There appears to be a bug with ace(...,model="ARD")
.
Reversible models work fine with ace
, ape's function for
ancestral state estimation; however with asymmetric models - in which
qi,j and qj,i are not necessarily
equal for all i & j - something seems to be awry.
I will report this to Emmanuel, of course - but I thought that I would post the demo so that he (& others) can see what I mean.

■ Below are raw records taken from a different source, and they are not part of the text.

(* Let $m\ge2$ and capacities $B_1,\dots,B_m>0$. Fix an online fractional scheduling algorithm whose output satisfies average block size $B=(B_j)$ with slackness $\Delta(T)=o(T)$ and which uses extension $\Gamma(T)=o(T)$. Then for every horizon $T$ there is an input consisting only of fully patient transactions ($\rho_i=0$ for all $i$) such that the algorithm's output $x$ satisfies $$\frac{SW_{[1:T+\Gamma(T)]}(x)}{SW_{[1:T]}(y)}\le \frac78+o(1),$$ where $y$ is the optimal integral allocation for horizon $T$ respecting the per-block limits $B_j$, and $o(1)$ is as $T\to\infty$.
   Context: Online block packing: $m$ resources with capacities $B_j>0$; transactions $i$ with arrival time $a_i\in\{1,2,\dots\}$, base value $v_i\ge0$, discount $\rho_i\in[0,1]$, demand $w_i\in\mathbb{R}_+^m$; value in block $t\ge a_i$ is $v_i^t=v_i(1-\rho_i)^{t-a_i}$. A fractional allocation is $x=\{x_i^t\}$ with $x_i^t\in[0,1]$, $x_i^t=0$ for $t<a_i$, $\sum_tx_i^t\le1$; integral if all entries are in $\{0,1\}$; it respects per-block limits if $\sum_iw_{ij}x_i^t\le B_j$ for all $t,j$. It has average block size $B$ with slackness $\Delta$ if for all $T_0,K\ge1$ and $j$: $\sum_{t=T_0}^{T_0+K-1}\sum_ix_i^tw_{ij}\le(K+\Delta)B_j$. $SW_{[1:T]}(x)=\sum_{t=1}^T\sum_ix_i^tv_i^t$. An online algorithm decides block $t$ using only transactions with $a_i\le t$; ''uses extension $\Gamma$'' means its welfare is measured up to time $T+\Gamma$ when compared with the benchmark up to $T$. *)

From HB Require Import structures.
From mathcomp Require Import all_boot all_order all_algebra.
From mathcomp Require Export reals.
Set Implicit Arguments. Unset Strict Implicit. Unset Printing Implicit Defensive.
Import Order.TTheory GRing.Theory Num.Theory.
Local Open Scope ring_scope.

Section BlockPacking.
Variables (R : realType) (m : nat).

(* A transaction: base value v, discount rho, demand vector w (arrival time is
   given by the batch it belongs to, see [input]). *)
Record tx := Tx { tx_v : R; tx_rho : R; tx_w : 'I_m -> R }.

Definition tx0 : tx := Tx 0 0 (fun _ => 0).

(* An input is a finite list of batches: [nth [::] I (a-1)] is the list of
   transactions arriving at block a (a >= 1).  A transaction is identified by
   the pair (a, k): its arrival time a and its position k in that batch. *)
Definition input := seq (seq tx).
(* Consider the car-following system with state $x=(D,v,v_{\rm L})\in\mathbb{R}^3$: $$\dot D = v_{\rm L}-v,\qquad \dot v = u - p(v),\qquad \dot v_{\rm L} = a_{\rm L}.$$ Here $p$ is locally Lipschitz with $p(v)\ge0$, and $a_{\rm L}$ is the leader's acceleration, a given exogenous input. The system is driven by the connected cruise controller $$u=k_{\rm d}(x)=A\big(V(D)-v\big)+B\big(W(v_{\rm L})-v\big)+Ca_{\rm L}$$ with $A,B,C\ge 0$, where $$V(D)=\min\{\kappa(D-D_{\rm st}),v_{\rm max}\}, \qquad W(v_{\rm L})=\min\{v_{\rm L},v_{\rm max}\}.$$ The constants satisfy $\kappa>0$, $v_{\rm max}>0$ and $D_{\rm st}\in\mathbb{R}$. Let $D_{\rm sf}\in\mathbb{R}$ and $T_{\rm c}>0$, and set $\bar\kappa=1/T_{\rm c}$. Define $$\mathcal{S}_{\rm D}=\{x: D-D_{\rm sf}\ge0\},\qquad \mathcal{S}_{\rm TTC}=\{x:\bar\kappa(D-D_{\rm sf})+v_{\rm L}-v\ge 0\}.$$ Assume the following: - there is a class-$\mathcal{K}$ function $\gamma$ such that $a_{\rm L}(t)\ge-\gamma(v_{\rm L}(t))$ along the solution; - there is $\bar v\ge0$ such that $v(t),v_{\rm L}(t)\in[0,\bar v]$ along the solution; - $D_{\rm st}>D_{\rm sf}$, $\bar\kappa\ge\kappa$ and $C\le 1$; - the gains satisfy $$A\kappa(D_{\rm st}-D_{\rm sf})+\min\{0,B-\bar\kappa\}\,\bar v+\min_{v_{\rm L}\in[0,\bar v]}\Big[(\bar\kappa-B+A)v_{\rm L}-(1-C)\gamma(v_{\rm L})\Big]\ \ge\ 0.$$ Then the closed loop is safe with respect to $\mathcal{S}_{\rm D}\cap\mathcal{S}_{\rm TTC}$: every such solution with $x(0)\in\mathcal{S}_{\rm D}\cap\mathcal{S}_{\rm TTC}$ satisfies $x(t)\in\mathcal{S}_{\rm D}\cap\mathcal{S}_{\rm TTC}$ for all $t\ge 0$.
   Context: A function $\gamma:[0,\infty)\to[0,\infty)$ is of class $\mathcal{K}$ if it is continuous, strictly increasing, and satisfies $\gamma(0)=0$. Standing assumption: solutions of the closed loop system exist and are unique for all $t\ge0$. *)

From HB Require Import structures.
From mathcomp Require Import all_boot all_order all_algebra.
From mathcomp Require Import all_classical all_reals all_analysis.
Set Implicit Arguments. Unset Strict Implicit. Unset Printing Implicit Defensive.
Import Order.TTheory GRing.Theory Num.Theory.
Import numFieldNormedType.Exports.
Local Open Scope classical_set_scope.
Local Open Scope ring_scope.

Definition class_K {R : realType} (gamma : R -> R) : Prop :=
  [/\ {within `[0, +oo[, continuous gamma},
      (forall a b : R, 0 <= a -> a < b -> gamma a < gamma b)
    & gamma 0 = 0].

Definition locally_lipschitz {R : realType} (p : R -> R) : Prop :=
  forall x : R, exists2 r : R, 0 < r & exists L : R,
    forall y z : R, `|y - x| < r -> `|z - x| < r -> `|p y - p z| <= L * `|y - z|.

Definition Vpol {R : realType} (kappa Dst vmax D : R) : R :=
  Num.min (kappa * (D - Dst)) vmax.

Definition Wpol {R : realType} (vmax vL : R) : R := Num.min vL vmax.

Definition kd {R : realType} (A B C kappa Dst vmax : R) (D v vL aL : R) : R :=
  A * (Vpol kappa Dst vmax D - v) + B * (Wpol vmax vL - v) + C * aL.

Definition in_SD {R : realType} (Dsf D : R) : Prop := 0 <= D - Dsf.
Definition in_STTC {R : realType} (Tc Dsf D v vL : R) : Prop :=
  0 <= Tc^-1 * (D - Dsf) + vL - v.

(* With h1 := D - Dsf and h2 := h1 / Tc + vL - v, the dynamics give h1' = h2 - h1 / Tc,
   and the gain condition (after dropping the saturations of V and W, p >= 0 and
   aL >= - gamma vL) gives h2' >= A (1/Tc - kappa) h1 - A h2.  This is a cooperative
   linear differential inequality: the couplings are nonnegative, so the nonnegative
   quadrant is forward invariant.  Strict positivity propagates by integrating factors
   e^(c t) and real induction on [0, +oo); adding eps e^(lam t) to both functions makes
   the initial data strictly positive, and eps -> 0 gives the claim. *)

From HB Require Import structures.
From mathcomp Require Import all_boot all_order all_algebra.
From mathcomp Require Import all_classical all_reals all_analysis.
From mathcomp Require Import ring lra.
Import Order.TTheory GRing.Theory Num.Theory.
Import numFieldNormedType.Exports.
Local Open Scope classical_set_scope.
Local Open Scope ring_scope.

Section HalfLine.
Context {R : realType}.

Lemma real_induction_ge0 (P : R -> Prop) :
  (forall T, 0 <= T -> (forall s, 0 <= s < T -> P s) -> P T) ->
  (forall T, 0 <= T -> (forall s, 0 <= s <= T -> P s) ->
     exists2 d, 0 < d & forall s, T < s <= T + d -> P s) ->
  forall t, 0 <= t -> P t.
Proof.
move=> closed cont t t0; apply: contrapT => nPt.
pose S := [set s | 0 <= s /\ forall r, 0 <= r <= s -> P r].
have P0 : P 0 by apply: closed => // s; lra.
have S0 : S 0 by split => // r r0; have -> : r = 0 by lra.
have ubS : ubound S t.
  move=> s [s0 Ps]; rewrite leNgt; apply/negP => ts.
  by apply: nPt; apply: Ps; lra.
have supS : has_sup S by split; [exists 0 | exists t].
have T0 : 0 <= sup S by exact: sup_upper_bound.
have below : forall s, 0 <= s < sup S -> P s.
  move=> s /andP[s0 sT]; have [r [_ Pr] sr] := @sup_adherent _ S (sup S - s) ltac:(lra) supS.
  by apply: Pr; lra.
have ST : S (sup S).
  split=> // r /andP[r0]; rewrite le_eqVlt => /predU1P[->|rT].
  - exact: closed.
  - by apply: below; lra.
have [d d0 beyond] := cont _ T0 ST.2.
have : S (sup S + d).
  split; first lra.
  move=> r /andP[r0 rTd]; have [rT|Tr] := leP r (sup S).
  - by apply: ST.2; lra.
  - by apply: beyond; lra.
move=> /(sup_upper_bound supS); lra.
Qed.

Lemma within_continuous_pos_right (f : R -> R) (x : R) :
  {within `[0, +oo[, continuous f} -> 0 <= x -> 0 < f x ->
  exists2 d, 0 < d & forall y, x <= y <= x + d -> 0 < f y.
Proof.
move=> /subspace_continuousP /(_ x) fcont x0 fx0.
have : `[0, +oo[%classic x by rewrite /= in_itv /= x0.
move=> /fcont /cvgrPdist_lt /(_ _ fx0).
rewrite near_withinE => /nbhs_ballP [d /= d0 near_x].
exists (d / 2) => [|y /andP[xy yx]]; first lra.
have : `|f x - f y| < f x.
  apply: near_x; last by rewrite /= in_itv /= andbT; lra.
  by rewrite /ball /= distrC ger0_norm; lra.
by rewrite ltr_norml; lra.
Qed.

Lemma is_derive_expRM (c x : R) :
  is_derive x 1 (fun r => expR (c * r)) (c * expR (c * x)).
Proof.
have dcr : is_derive x 1 (fun r : R => c * r) c.
  by apply: is_derive_eq; exact: mulr1.
have := is_derive1_comp (is_derive_expR (c * x)) dcr.
by move=> /is_derive_eq; apply; rewrite mulrC.
Qed.

Lemma integrating_factor_pos (f df : R -> R) (c a b : R) :
  a < b -> (forall x, a <= x <= b -> is_derive x 1 f (df x)) ->
  (forall x, a < x < b -> 0 <= df x + c * f x) -> 0 < f a -> 0 < f b.
Proof.
move=> ab fder fineq fa0.
pose g r := expR (c * r) * f r.
pose dg r := expR (c * r) * (df r + c * f r).
have gder x : a <= x <= b -> is_derive x 1 g (dg x).
  move=> xab; apply: is_derive_eq; first exact: is_deriveM (is_derive_expRM c x) (fder x xab).
  by rewrite /dg /= /GRing.scale /=; ring.
have gcont : {within `[a, b], continuous g}.
  apply: derivable_within_continuous => y; rewrite in_itv /= => yab.
  by have [] := gder y yab.
have gder' y : y \in `]a, b[ -> is_derive y 1 g (dg y).
  by rewrite in_itv /= => /andP[ay yb]; apply: gder; lra.
have [y] := MVT ab gder' gcont.
rewrite in_itv /= => /andP[ay yb] gab.
have dg0 : 0 <= dg y by apply: mulr_ge0; [exact: expR_ge0 | apply: fineq; lra].
have ga0 : 0 < g a by apply: mulr_gt0; first exact: expR_gt0.
have : 0 < g b.
  have : 0 <= dg y * (b - a) by apply: mulr_ge0 => //; lra.
  lra.
by rewrite /g pmulr_rgt0 // expR_gt0.
Qed.

End HalfLine.

Section CooperativePositivity.
Context {R : realType}.
Variables (h1 h2 d1 d2 : R -> R) (c1 c2 b12 b21 : R).
Hypotheses (h1_cont : {within `[0, +oo[, continuous h1})
           (h2_cont : {within `[0, +oo[, continuous h2}).
Hypotheses (h1_der : forall t : R, 0 < t -> is_derive t 1 h1 (d1 t))
           (h2_der : forall t : R, 0 < t -> is_derive t 1 h2 (d2 t)).
Hypotheses (b12_ge0 : 0 <= b12) (b21_ge0 : 0 <= b21).
Hypotheses (h1_ineq : forall t : R, 0 < t -> b12 * h2 t <= d1 t + c1 * h1 t)
           (h2_ineq : forall t : R, 0 < t -> b21 * h1 t <= d2 t + c2 * h2 t).

Lemma cooperative_pos : 0 < h1 0 -> 0 < h2 0 ->
  forall t, 0 <= t -> 0 < h1 t /\ 0 < h2 t.
Proof.
move=> h10 h20; apply: real_induction_ge0 => [T|T T0 upto].
  rewrite le_eqVlt => /predU1P[<- //|T0 below].
  have [h1_mid h2_mid] : 0 < h1 (T / 2) /\ 0 < h2 (T / 2) by apply: below; lra.
  split.
  - apply: (@integrating_factor_pos _ h1 d1 c1 (T / 2)) => //; first lra.
      by move=> x x_itv; apply: h1_der; lra.
    move=> x x_itv; have [_ h2x] : 0 < h1 x /\ 0 < h2 x by apply: below; lra.
    by apply: le_trans (h1_ineq x _); [exact: mulr_ge0 b12_ge0 (ltW h2x) | lra].
  - apply: (@integrating_factor_pos _ h2 d2 c2 (T / 2)) => //; first lra.
      by move=> x x_itv; apply: h2_der; lra.
    move=> x x_itv; have [h1x _] : 0 < h1 x /\ 0 < h2 x by apply: below; lra.
    by apply: le_trans (h2_ineq x _); [exact: mulr_ge0 b21_ge0 (ltW h1x) | lra].
have [h1T h2T] : 0 < h1 T /\ 0 < h2 T by apply: upto; lra.
have [e1 e1_gt0 h1_right] := within_continuous_pos_right _ _ h1_cont T0 h1T.
have [e2 e2_gt0 h2_right] := within_continuous_pos_right _ _ h2_cont T0 h2T.
exists (Num.min e1 e2) => [|s /andP[Ts sTe]]; first by rewrite lt_min e1_gt0.
have : Num.min e1 e2 <= e1 by rewrite ge_min lexx.
have : Num.min e1 e2 <= e2 by rewrite ge_min lexx orbT.
by split; [apply: h1_right | apply: h2_right]; lra.
Qed.

End CooperativePositivity.

Section CooperativeInvariance.
Context {R : realType}.
Variables (h1 h2 d1 d2 : R -> R) (c1 c2 b12 b21 : R).
Hypotheses (h1_cont : {within `[0, +oo[, continuous h1})
           (h2_cont : {within `[0, +oo[, continuous h2}).
Hypotheses (h1_der : forall t : R, 0 < t -> is_derive t 1 h1 (d1 t))
           (h2_der : forall t : R, 0 < t -> is_derive t 1 h2 (d2 t)).
Hypotheses (b12_ge0 : 0 <= b12) (b21_ge0 : 0 <= b21).
Hypotheses (h1_ineq : forall t : R, 0 < t -> b12 * h2 t <= d1 t + c1 * h1 t)
           (h2_ineq : forall t : R, 0 < t -> b21 * h1 t <= d2 t + c2 * h2 t).

Lemma cooperative_nonneg : 0 <= h1 0 -> 0 <= h2 0 ->
  forall t, 0 <= t -> 0 <= h1 t /\ 0 <= h2 t.
Proof.
move=> h10 h20 t t0.
pose lam := Num.max (b12 - c1) (b21 - c2).
have lam1 : b12 - c1 <= lam by rewrite le_max lexx.
have lam2 : b21 - c2 <= lam by rewrite le_max lexx orbT.
pose e r := expR (lam * r).
have e_gt0 r : 0 < e r by exact: expR_gt0.
suff perturbed eps : 0 < eps -> 0 < h1 t + eps * e t /\ 0 < h2 t + eps * e t.
  split; apply/ler_addgt0Pr => eps eps0.
  - by have := (perturbed (eps / e t) (divr_gt0 eps0 (e_gt0 t))).1; rewrite divfK ?gt_eqF //; lra.
  - by have := (perturbed (eps / e t) (divr_gt0 eps0 (e_gt0 t))).2; rewrite divfK ?gt_eqF //; lra.
move=> eps0.
(* lam absorbs the couplings, so the perturbed pair still satisfies the inequalities. *)
have eps_e_der (r : R) : is_derive r 1 (fun r => eps * e r) (eps * (lam * e r)).
  by apply: is_deriveZ; exact: is_derive_expRM.
have pert_cont (h : R -> R) : {within `[0, +oo[, continuous h} ->
    {within `[0, +oo[, continuous (fun r => h r + eps * e r)}.
  move=> h_cont; apply: (within_continuousD (f := h) (g := fun r => eps * e r)) => //.
  apply: derivable_within_continuous => x _.
  by have [] := eps_e_der x.
have pert_der (h dh : R -> R) (r : R) : is_derive r 1 h (dh r) ->
    is_derive r 1 (fun r => h r + eps * e r) (dh r + eps * (lam * e r)).
  by move=> h_der; apply: is_deriveD.
have ineq1 (r : R) : 0 < r -> b12 * (h2 r + eps * e r) <=
    d1 r + eps * (lam * e r) + c1 * (h1 r + eps * e r).
  move=> r0; have := h1_ineq r r0.
  have : 0 <= eps * e r * (lam - (b12 - c1)).
    by apply: mulr_ge0; [exact: ltW (mulr_gt0 eps0 (e_gt0 r)) | lra].
  lra.
have ineq2 (r : R) : 0 < r -> b21 * (h1 r + eps * e r) <=
    d2 r + eps * (lam * e r) + c2 * (h2 r + eps * e r).
  move=> r0; have := h2_ineq r r0.
  have : 0 <= eps * e r * (lam - (b21 - c2)).
    by apply: mulr_ge0; [exact: ltW (mulr_gt0 eps0 (e_gt0 r)) | lra].
  lra.
have e0 : e 0 = 1 by rewrite /e mulr0 expR0.
apply: (@cooperative_pos _ (fun r => h1 r + eps * e r) (fun r => h2 r + eps * e r)
  (fun r => d1 r + eps * (lam * e r)) (fun r => d2 r + eps * (lam * e r))
  c1 c2 b12 b21) => //.
- exact: pert_cont.
- exact: pert_cont.
- by move=> r r0; apply: pert_der; exact: h1_der.
- by move=> r r0; apply: pert_der; exact: h2_der.
- by rewrite e0; lra.
- by rewrite e0; lra.
Qed.
End CooperativeInvariance.


Lemma kd_ttc_rate_ge {R : realType}
    (A B C kappa vmax Dst Dsf k vbar g aL pv D v vL : R) :
  0 <= A -> 0 <= B -> C <= 1 -> 0 <= pv -> - g <= aL -> 0 <= v <= vbar ->
  0 <= A * kappa * (Dst - Dsf) + Num.min 0 (B - k) * vbar
       + ((k - B + A) * vL - (1 - C) * g) ->
  A * (k - kappa) * (D - Dsf) <=
  k * (vL - v) + aL - (kd A B C kappa Dst vmax D v vL aL - pv)
  + A * (k * (D - Dsf) + vL - v).
Proof.
move=> A_ge0 B_ge0 C_le1 pv_ge0 aL_ge /andP[v_ge0 v_le] gains.
have V_le : A * Vpol kappa Dst vmax D <= A * (kappa * (D - Dst)).
  by apply: ler_wpM2l => //; rewrite ge_min lexx.
have W_le : B * Wpol vmax vL <= B * vL.
  by apply: ler_wpM2l => //; rewrite ge_min lexx.
have aL_term : (1 - C) * - g <= (1 - C) * aL by apply: ler_wpM2l => //; lra.
have v_term : Num.min 0 (B - k) * vbar <= (B - k) * v.
  have [Bk|Bk] := leP 0 (B - k); first by rewrite mul0r mulr_ge0.
  by rewrite ler_wnM2l // ltW.
rewrite /kd; lra.
Qed.

Theorem theorem4 (R : realType)
  (p gamma : R -> R) (A B C kappa vmax Dst Dsf Tc vbar : R)
  (D v vL aL : R -> R) :
  locally_lipschitz p -> (forall s : R, 0 <= p s) ->
  0 <= A -> 0 <= B -> 0 <= C ->
  0 < kappa -> 0 < vmax -> 0 < Tc ->
  {within `[0, +oo[, continuous D} ->
  {within `[0, +oo[, continuous v} ->
  {within `[0, +oo[, continuous vL} ->
  (forall t : R, 0 < t -> is_derive t 1 D (vL t - v t)) ->
  (forall t : R, 0 < t -> is_derive t 1 v
       (kd A B C kappa Dst vmax (D t) (v t) (vL t) (aL t) - p (v t))) ->
  (forall t : R, 0 < t -> is_derive t 1 vL (aL t)) ->
  class_K gamma ->
  (forall t : R, 0 <= t -> - gamma (vL t) <= aL t) ->
  0 <= vbar ->
  (forall t : R, 0 <= t -> 0 <= v t <= vbar /\ 0 <= vL t <= vbar) ->
  Dsf < Dst -> kappa <= Tc^-1 -> C <= 1 ->
  (forall y : R, 0 <= y <= vbar ->
     0 <= A * kappa * (Dst - Dsf) + Num.min 0 (B - Tc^-1) * vbar
          + ((Tc^-1 - B + A) * y - (1 - C) * gamma y)) ->
  in_SD Dsf (D 0) -> in_STTC Tc Dsf (D 0) (v 0) (vL 0) ->
  forall t : R, 0 <= t -> in_SD Dsf (D t) /\ in_STTC Tc Dsf (D t) (v t) (vL t).
Proof.
move=> _ p_ge0 A_ge0 B_ge0 _ _ _ _ D_cont v_cont vL_cont D_der v_der vL_der _
  aL_ge _ bounds _ kappa_le C_le1 gains SD0 STTC0.
set k := Tc^-1 in kappa_le gains STTC0 *.
pose h1 t := D t - Dsf.
pose h2 t := k * h1 t + vL t - v t.
have h1_cont : {within `[0, +oo[, continuous h1}.
  by apply: (within_continuousB (f := D) (g := cst Dsf)) => // x; exact: cst_continuous.
have h2_cont : {within `[0, +oo[, continuous h2}.
  apply: (within_continuousB (g := v)) => //.
  apply: (within_continuousD (g := vL)) => // x.
  by apply: (continuousM (s := cst k)); [exact: cst_continuous | exact: h1_cont].
pose dv t := kd A B C kappa Dst vmax (D t) (v t) (vL t) (aL t) - p (v t).
have h1_der (t : R) : 0 < t -> is_derive t 1 h1 (vL t - v t).
  move=> t_gt0; apply: is_derive_eq; first exact: is_deriveB (D_der t t_gt0) (is_derive_cst _ _ _).
  by rewrite subr0.
have h2_der (t : R) : 0 < t -> is_derive t 1 h2 (k * (vL t - v t) + aL t - dv t).
  move=> t_gt0; apply: is_deriveB; last exact: v_der.
  by apply: is_deriveD; [apply: is_deriveZ; exact: h1_der | exact: vL_der].
apply: (@cooperative_nonneg _ h1 h2 _ _ k A 1 (A * (k - kappa))
  h1_cont h2_cont h1_der h2_der ler01) => //.
- by apply: mulr_ge0 => //; lra.
- by move=> t _; rewrite /h2; lra.
- move=> t /ltW t_ge0; have [v_bnd vL_bnd] := bounds t t_ge0.
  exact: kd_ttc_rate_ge (p_ge0 _) (aL_ge t t_ge0) v_bnd (gains _ vL_bnd).
Qed.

I'm going to use an empirical dataset that was shared with me to help
identify the problem; however I have removed all identifying information
from the phylogeny & trait data. Note that the issue is not always
nearly as readily identifiable as it is in this case. Note also that it
does not have to do with model fitting, as the same non-reversible model
is fit (more or less - to a reasonable standard of numerical precision)
by ace
, make.simmap
, and diversitree. Rather
the issue seems to be in the calculation of the marginal ancestral states
given a particular fitted model.
library(phytools)
library(diversitree)
## SYM model
trees.SYM<-make.simmap(phy,x,model="SYM",nsim=500) ## make simmap
## make.simmap is sampling character histories conditioned on the transition matrix
##
## Q =
## 0 1
## 0 -0.005818548 0.005818548
## 1 0.005818548 -0.005818548
## (estimated using likelihood);
## and (mean) root node prior probabilities
## pi =
## 0 1
## 0.5 0.5
## Done.
smp.SYM<-summary(trees.SYM) ## PP from stochastic mapping
fit.SYM<-ace(x,phy,type="discrete",model="SYM") ## marginal ASR
## ARD model
trees.ARD<-make.simmap(phy,x,model="ARD",nsim=500) ## make.simmap
## make.simmap is sampling character histories conditioned on the transition matrix
##
## Q =
## 0 1
## 0 -0.026275656 0.026275656
## 1 0.008346216 -0.008346216
## (estimated using likelihood);
## and (mean) root node prior probabilities
## pi =
## 0 1
## 0.5 0.5
## Done.
smp.ARD<-summary(trees.ARD) ## PP from stochastic mapping
fit.ARD<-ace(x,phy,type="discrete",model="ARD") ## marginal ASR
## compare each one
par(mfrow=c(1,2))
plot(fit.SYM$lik.anc,smp.SYM$ace,main="model=\"SYM\"",
xlab="Marginal ancestral states | ace",
ylab="PP from stochastic mapping | make.simmap")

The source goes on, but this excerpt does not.